SUPPLIED ENTRIES START

(* Let $\Sigma\in\mathbb{R}^{N\times N}$ be a diagonal matrix with positive diagonal, $\mu\in\mathbb{R}^N$, $\gamma\in[0,1]$, and $\mathcal T$ any binary tree whose leaves are the assets $1,\dots,N$. Then the weight vector produced by the HRP-$\Sigma\mu$ algorithm is proportional to the Markowitz solution $\Sigma^{-1}\mu$.
   Context: HRP-$\Sigma\mu$ algorithm (inputs $\Sigma,\mu,\mathcal T,\gamma$), defined recursively. At a leaf (asset $i$) return $\hat w=(1)$, $v=\Sigma_{ii}$, $s=\mu_i$. At an internal node $n$ with left and right subtrees having leaf index sets $L,R$: recursively obtain $(\hat w_L,v_L,s_L)$ and $(\hat w_R,v_R,s_R)$; set $c=\hat w_L^\top\Sigma_{LR}\hat w_R$, $\Delta=v_Lv_R-\gamma^2c^2$, $\alpha_L^{\mathrm{raw}}=(v_Rs_L-\gamma cs_R)/\Delta$, $\alpha_R^{\mathrm{raw}}=(v_Ls_R-\gamma cs_L)/\Delta$, $Z=|\alpha_L^{\mathrm{raw}}|+|\alpha_R^{\mathrm{raw}}|$, $\alpha_k=\alpha_k^{\mathrm{raw}}/Z$; the node representative is the stacked vector $\hat w_n=(\alpha_L\hat w_L,\alpha_R\hat w_R)\in\mathbb{R}^{L\cup R}$, with $v_n=\hat w_n^\top\Sigma_{nn}\hat w_n$ and $s_n=\hat w_n^\top\mu_n$. The output weight vector is the representative at the root. *)

From mathcomp Require Import all_boot all_order all_algebra.
Set Implicit Arguments. Unset Strict Implicit. Unset Printing Implicit Defensive.
Import Order.TTheory GRing.Theory Num.Theory.
Local Open Scope ring_scope.

Inductive btree (N : nat) : Type :=
| BLeaf of 'I_N
| BNode of btree N & btree N.

Fixpoint leaves N (t : btree N) : seq 'I_N :=
  match t with
  | BLeaf i => [:: i]
  | BNode l r => leaves l ++ leaves r
  end.

Definition tree_on_assets N (t : btree N) : Prop :=
  perm_eq (leaves t) (enum 'I_N).

Section HRP.
Variables (R : realFieldType) (N : nat).
Variables (Sigma : 'M[R]_N) (mu : 'cV[R]_N) (gamma : R).

(* Node representatives are stored as vectors of R^N extended by zero
   outside the leaf set of the node; then
   w_L^T Sigma_{LR} w_R = (wL^T Sigma wR), stacking = aL wL + aR wR, etc. *)
Fixpoint hrp (t : btree N) : 'cV[R]_N * R * R :=
  match t with
  | BLeaf i => (\col_j (j == i)%:R, Sigma i i, mu i 0)
  | BNode l r =>
      let: (wL, vL, sL) := hrp l in
      let: (wR, vR, sR) := hrp r in
      let c := (wL^T *m Sigma *m wR) 0 0 in
      let D := vL * vR - gamma ^+ 2 * c ^+ 2 in
      let aLraw := (vR * sL - gamma * c * sR) / D in
      let aRraw := (vL * sR - gamma * c * sL) / D in
      let Z := `|aLraw| + `|aRraw| in
      let w := (aLraw / Z) *: wL + (aRraw / Z) *: wR in
      (w, (w^T *m Sigma *m w) 0 0, (w^T *m mu) 0 0)
  end.

Definition hrp_weights (t : btree N) : 'cV[R]_N := (hrp t).1.1.
End HRP.

Definition proportional (R : fieldType) N (u v : 'cV[R]_N) : Prop :=
  exists a b : R, (a != 0 \/ b != 0) /\ a *: u = b *: v.

From mathcomp Require Import all_boot all_order all_algebra.
From mathcomp Require Import ring.
Set Implicit Arguments. Unset Strict Implicit. Unset Printing Implicit Defensive.
Import Order.TTheory GRing.Theory Num.Theory.
Local Open Scope ring_scope.

(* For diagonal Sigma, representatives of disjoint subtrees are uncorrelated
   (c = 0), so gamma never enters and each node just rescales its children.
   Let x_A be Sigma^-1 mu restricted to a leaf set A.  Every representative w
   satisfies s w = v x_A, where v = w' Sigma w and s = w' mu: at a leaf this
   reads mu_i e_i = Sigma_ii x_{i}, and if both children satisfy it, the
   combination (v_R s_L w_L + v_L s_R w_R) / (v_L v_R Z) is a multiple of
   x_L + x_R, for which the identity follows from x' Sigma x = x' mu.  At the
   root x is Sigma^-1 mu, and v = 0 forces w = 0. *)

Lemma col_dotE (R : pzSemiRingType) n (u v : 'cV[R]_n) :
  (u^T *m v) 0 0 = \sum_i u i 0 * v i 0.
Proof. by rewrite !mxE; apply: eq_bigr => i _; rewrite mxE. Qed.

Lemma mul_diag_mx_col (R : pzSemiRingType) n (S : 'M[R]_n) (v : 'cV[R]_n) :
  is_diag_mx S -> S *m v = \col_i (S i i * v i 0).
Proof.
move=> /is_diag_mxP S_diag; apply/matrixP => i k; rewrite (ord1 k) !mxE.
rewrite (bigD1 i) //= big1 ?addr0 // => j ji.
by rewrite S_diag ?mul0r // eq_sym.
Qed.

Lemma diag_formE (R : pzSemiRingType) n (S : 'M[R]_n) (u v : 'cV[R]_n) :
  is_diag_mx S -> (u^T *m S *m v) 0 0 = \sum_i u i 0 * (S i i * v i 0).
Proof.
move=> S_diag; rewrite -mulmxA mul_diag_mx_col // col_dotE.
by under eq_bigr do rewrite mxE.
Qed.

Lemma diag_form_eq0 (R : realDomainType) n (S : 'M[R]_n) (w : 'cV[R]_n) :
  is_diag_mx S -> (forall i, 0 < S i i) -> (w^T *m S *m w) 0 0 = 0 -> w = 0.
Proof.
move=> S_diag S_pos; rewrite diag_formE //.
under eq_bigr do rewrite mulrCA -expr2.
move=> /psumr_eq0P w0; apply/matrixP => i k; rewrite (ord1 k) mxE.
have /eqP := w0 (fun j _ => mulr_ge0 (ltW (S_pos j)) (sqr_ge0 _)) i isT.
by rewrite mulf_eq0 gt_eqF //= sqrf_eq0 => /eqP.
Qed.

Lemma unitmx_diag (R : fieldType) n (S : 'M[R]_n) :
  is_diag_mx S -> (forall i, S i i != 0) -> S \in unitmx.
Proof.
move=> S_diag S_neq0; rewrite unitmxE det_trig ?is_diag_mx_is_trig // unitfE.
by apply/prodf_neq0 => i _.
Qed.

Lemma proportional_scaled (R : fieldType) n (u v : 'cV[R]_n) (a b : R) :
  a *: u = b *: v -> (b = 0 -> u = 0) -> proportional u v.
Proof.
move=> uv u0; have [b0 | b_neq0] := eqVneq b 0.
  exists 1, 0; rewrite u0 // scaler0 scale0r.
  by split; first by left; exact: oner_neq0.
by exists a, b; split; first by right.
Qed.

(* No case v_L v_R = 0 or Z = 0 is excluded: both sides then vanish. *)
Lemma uncorrelated_combination (R : fieldType) n (wL wR xL xR : 'cV[R]_n)
    (vL vR sL sR c g Z : R) :
  c = 0 -> sL *: wL = vL *: xL -> sR *: wR = vR *: xR ->
  ((vR * sL - g * c * sR) / (vL * vR - g ^+ 2 * c ^+ 2) / Z) *: wL
  + ((vL * sR - g * c * sL) / (vL * vR - g ^+ 2 * c ^+ 2) / Z) *: wR
  = (vL * vR / (vL * vR) / Z) *: (xL + xR).
Proof.
move=> -> eL eR; rewrite expr0n /= !(mulr0, mul0r, subr0).
rewrite [vR * sL / _]mulrAC [vR / _ * sL / Z]mulrAC.
rewrite [vL * sR / _]mulrAC [vL / _ * sR / Z]mulrAC.
rewrite -!scalerA eL eR !scalerA scalerDr.
by congr (_ *: _ + _ *: _); ring.
Qed.

Section DiagonalHRP.
Variables (R : realFieldType) (N : nat).
Variables (Sigma : 'M[R]_N) (mu : 'cV[R]_N) (gamma : R).

Local Notation weights := (hrp_weights Sigma mu gamma).
Local Notation variance w := ((w^T *m Sigma *m w) 0 0).
Local Notation mean w := ((w^T *m mu) 0 0).

Lemma hrpE t :
  hrp Sigma mu gamma t = (weights t, variance (weights t), mean (weights t)).
Proof.
case: t => [i|l r]; last first.
  rewrite /hrp_weights /=.
  by case: (hrp _ _ _ l) => [[? ?] ?]; case: (hrp _ _ _ r) => [[? ?] ?].
rewrite /hrp_weights /=.
have -> : \col_j (j == i)%:R = delta_mx i 0 :> 'cV[R]_N.
  by apply/matrixP => j k; rewrite (ord1 k) !mxE eqxx andbT.
by rewrite trmx_delta -!rowE -colE !mxE.
Qed.

Definition supported_on (A : seq 'I_N) (w : 'cV[R]_N) :=
  forall j, j \notin A -> w j 0 = 0.

Definition markowitz_on (A : seq 'I_N) : 'cV[R]_N :=
  \col_j ((j \in A)%:R * (mu j 0 / Sigma j j)).

Lemma hrp_weights_supported t : supported_on (leaves t) (weights t).
Proof.
elim: t => [i | l IHl r IHr] j /=.
  by rewrite inE mxE => /negbTE ->.
rewrite mem_cat negb_or => /andP[jl jr].
by rewrite /hrp_weights /= (hrpE l) (hrpE r) /= !mxE IHl // IHr // !mulr0 addr0.
Qed.

Lemma markowitz_on_cat A B : ~~ has [in A] B ->
  markowitz_on (A ++ B) = markowitz_on A + markowitz_on B.
Proof.
move=> /hasPn AB; apply/matrixP => j k; rewrite !mxE mem_cat.
have [jB | jB] := boolP (j \in B).
  by move: (AB j jB); rewrite /= => /negbTE ->; rewrite mul0r add0r.
by rewrite orbF mul0r addr0.
Qed.

Hypothesis Sigma_diag : is_diag_mx Sigma.
Hypothesis Sigma_pos : forall i, 0 < Sigma i i.

Let Sigma_neq0 i : Sigma i i != 0. Proof. by rewrite gt_eqF. Qed.

Lemma supported_disjoint_form0 {A B u v} : ~~ has [in A] B ->
  supported_on A u -> supported_on B v -> (u^T *m Sigma *m v) 0 0 = 0.
Proof.
move=> /hasPn AB uA vB; rewrite diag_formE // big1 // => j _.
have [jB | jB] := boolP (j \in B); last by rewrite vB ?mulr0.
by rewrite uA ?mul0r // AB.
Qed.

Lemma markowitz_form A :
  variance (markowitz_on A) = mean (markowitz_on A).
Proof.
rewrite diag_formE // col_dotE; apply: eq_bigr => j _; rewrite !mxE.
case: (j \in A); rewrite /= ?mul0r // mul1r.
by rewrite [Sigma j j * _]mulrC divfK.
Qed.

Lemma markowitz_scaled_identity (b : R) A :
  mean (b *: markowitz_on A) *: (b *: markowitz_on A)
  = variance (b *: markowitz_on A) *: markowitz_on A.
Proof.
have -> : (b *: markowitz_on A)^T = b *: (markowitz_on A)^T by rewrite linearZ.
rewrite -!scalemxAl -scalemxAr !scalerA.
rewrite [(_ *: (_ *m mu)) 0 0]mxE [(_ *: (_ *m Sigma *m _)) 0 0]mxE.
by rewrite markowitz_form mulrAC.
Qed.

Lemma hrp_markowitz_identity t : uniq (leaves t) ->
  mean (weights t) *: weights t
  = variance (weights t) *: markowitz_on (leaves t).
Proof.
elim: t => [i | l IHl r IHr] /=.
  move=> _; case: (hrpE (BLeaf i)) => <- <-; rewrite /hrp_weights /=.
  apply/matrixP => j k; rewrite !mxE inE.
  have [->|_] := eqVneq j i; rewrite /= !(mulr0, mul0r, mul1r, mulr1) //.
  by rewrite mulrC divfK.
rewrite cat_uniq => /and3P[ul dis ur].
suff [b ->] :
    exists b, weights (BNode l r) = b *: markowitz_on (leaves l ++ leaves r).
  exact: markowitz_scaled_identity.
rewrite markowitz_on_cat // /hrp_weights /= (hrpE l) (hrpE r) /=.
eexists; apply: uncorrelated_combination.
- by apply: (supported_disjoint_form0 dis); apply: hrp_weights_supported.
- exact: IHl ul.
- exact: IHr ur.
Qed.

Lemma markowitz_on_all A :
  (forall j, j \in A) -> markowitz_on A = invmx Sigma *m mu.
Proof.
move=> Aall; have <- : Sigma *m markowitz_on A = mu.
  apply/matrixP => j k; rewrite mul_diag_mx_col // (ord1 k) !mxE Aall mul1r.
  by field.
by rewrite mulKmx // unitmx_diag.
Qed.

End DiagonalHRP.

Theorem mainTheorem15 (R : realFieldType) (N : nat)
    (Sigma : 'M[R]_N) (mu : 'cV[R]_N) (gamma : R) (t : btree N) :
  is_diag_mx Sigma ->
  (forall i : 'I_N, 0 < Sigma i i) ->
  0 <= gamma <= 1 ->
  tree_on_assets t ->
  proportional (hrp_weights Sigma mu gamma t) (invmx Sigma *m mu).
Proof.
move=> Sigma_diag Sigma_pos _ t_assets.
have t_uniq : uniq (leaves t) by rewrite (perm_uniq t_assets) enum_uniq.
have t_all j : j \in leaves t by rewrite (perm_mem t_assets) mem_enum.
rewrite -(markowitz_on_all mu Sigma_diag Sigma_pos t_all).
have := hrp_markowitz_identity mu gamma Sigma_diag Sigma_pos t_uniq.
move/proportional_scaled; apply.
exact: diag_form_eq0.
Qed.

SUPPLIED ENTRIES END

The lines holding the word "first" are the answer. Find them in the entries and copy them.

  by split; first by left; exact: oner_neq0.
by exists a, b; split; first by right.
case: t => [i|l r]; last first.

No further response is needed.